Lemma derivable_pt_lim_sum_ln_affine n B a c :
  (forall i, (i < n)%nat -> 0 < B i + c * a i) ->
  derivable_pt_lim (fun x => Rsum n (fun i => ln (B i + x * a i))) c
    (Rsum n (fun i => a i / (B i + c * a i))).
Proof.
  induction n as [|n IH]; intros H; simpl.
  - apply derivable_pt_lim_const.
  - apply (derivable_pt_lim_plus (fun x => Rsum n (fun i => ln (B i + x * a i)))
                                 (fun x => ln (B n + x * a n))).
    + apply IH. intros; apply H; lia.
    + replace (a n / (B n + c * a n)) with (/ (B n + c * a n) * a n)
        by (unfold Rdiv; ring).
      apply (derivable_pt_lim_comp (fun x => B n + x * a n) ln).
      * apply derivable_pt_lim_affine.
      * apply derivable_pt_lim_ln, H. lia.
Qed.

(** Finitely many positive quantities stay positive under small perturbations
    along fixed directions: the feasible set is open in xi. *)
Lemma positive_perturbation n (d a : nat -> R) :
  (forall i, (i < n)%nat -> 0 < d i) ->
  exists delta, 0 < delta /\
    forall i h, (i < n)%nat -> Rabs h < delta -> 0 < d i + h * a i.
Proof.
  induction n as [|n IH]; intros H.
  - exists 1. split; [lra|intros; lia].
  - destruct IH as [delta0 [Hdelta0 Hpert]]; [intros; apply H; lia|].
    assert (Hdn : 0 < d n) by (apply H; lia).
    assert (Ha : 0 <= Rabs (a n)) by apply Rabs_pos.
    set (delta1 := d n / (Rabs (a n) + 1)).
    assert (Hdelta1 : 0 < delta1) by (apply Rdiv_lt_0_compat; lra).
    exists (Rmin delta0 delta1). split; [apply Rmin_glb_lt; auto|].
    intros i h Hi Hh. destruct (Nat.eq_dec i n) as [->|Hin].
    + assert (Rabs h < delta1) by (eapply Rlt_le_trans; [apply Hh|apply Rmin_r]).
      assert (delta1 * (Rabs (a n) + 1) = d n) by (unfold delta1; field; lra).
      assert (- (h * a n) <= Rabs h * Rabs (a n))
        by (rewrite <- Rabs_mult, <- Rabs_Ropp; apply Rle_abs).
      nra.
    + apply Hpert; [lia|]. eapply Rlt_le_trans; [apply Hh|apply Rmin_l].
Qed.

Lemma sum_ln_affine_stationary n B a c :
  (forall i, (i < n)%nat -> 0 < B i + c * a i) ->
  (forall x, (forall i, (i < n)%nat -> 0 < B i + x * a i) ->
     Rsum n (fun i => ln (B i + x * a i)) <= Rsum n (fun i => ln (B i + c * a i))) ->
  Rsum n (fun i => a i / (B i + c * a i)) = 0.
Proof.
  intros Hpos Hmax.
  destruct (positive_perturbation n (fun i => B i + c * a i) a Hpos)
    as [delta [Hdelta Hpert]].
  set (f := fun x => Rsum n (fun i => ln (B i + x * a i))).
  assert (Hder := derivable_pt_lim_sum_ln_affine n B a c Hpos).
  apply (deriv_maximum f (c - delta) (c + delta) c (exist _ _ Hder)); try lra.
  intros x Hlo Hhi. apply Hmax. intros i Hi.
  replace (B i + x * a i) with (B i + c * a i + (x - c) * a i) by ring.
  apply Hpert; [exact Hi|]. apply Rabs_def1; lra.
Qed.

(** * The estimator as a convex combination of the rewards *)

Section Model.
Variables (X A Th : Type) (acts : list A) (pe pb : X -> A -> R).
Variable q : X -> A -> Th -> R.
Variables (n : nat) (xs : nat -> X) (as_ : nat -> A).
Hypothesis Hpe : forall x, (forall a, 0 <= pe x a) /\ lsum acts (fun a => pe x a) = 1.
Hypothesis Hn : (1 <= n)%nat.
Hypothesis Hsupp : forall i, (i < n)%nat -> 0 < pb (xs i) (as_ i).

Lemma lsum_shift {B : Type} (l : list B) (x : R) (f g : B -> R) :
  lsum l (fun b => (x + f b) * g b) = x * lsum l g + lsum l (fun b => f b * g b).
Proof. induction l as [|b l IH]; unfold lsum in *; simpl; [|rewrite IH]; ring. Qed.

(** Since pi_e(.|x) sums to one, F(xi + q) = xi (w - 1) + F(q): the
    denominator is affine in xi with slope w - 1. *)
Lemma denom_affine tau xi i :
  denom acts pe pb q xs as_ xi tau i =
  denom acts pe pb q xs as_ 0 tau i + xi * (wgt pe pb (xs i) (as_ i) - 1).
Proof.
  unfold denom, Fop, shiftq.
  rewrite (lsum_shift acts xi (fun a => q (xs i) a tau) (fun a => pe (xs i) a)),
          (lsum_shift acts 0 (fun a => q (xs i) a tau) (fun a => pe (xs i) a)),
          (proj2 (Hpe (xs i))).
  ring.
Qed.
----------
### Required work:
Scan the data above and copy each line containing the word "list".

### Exercise output:
Variables (X A Th : Type) (acts : list A) (pe pb : X -> A -> R).
Lemma lsum_shift {B : Type} (l : list B) (x : R) (f g : B -> R) :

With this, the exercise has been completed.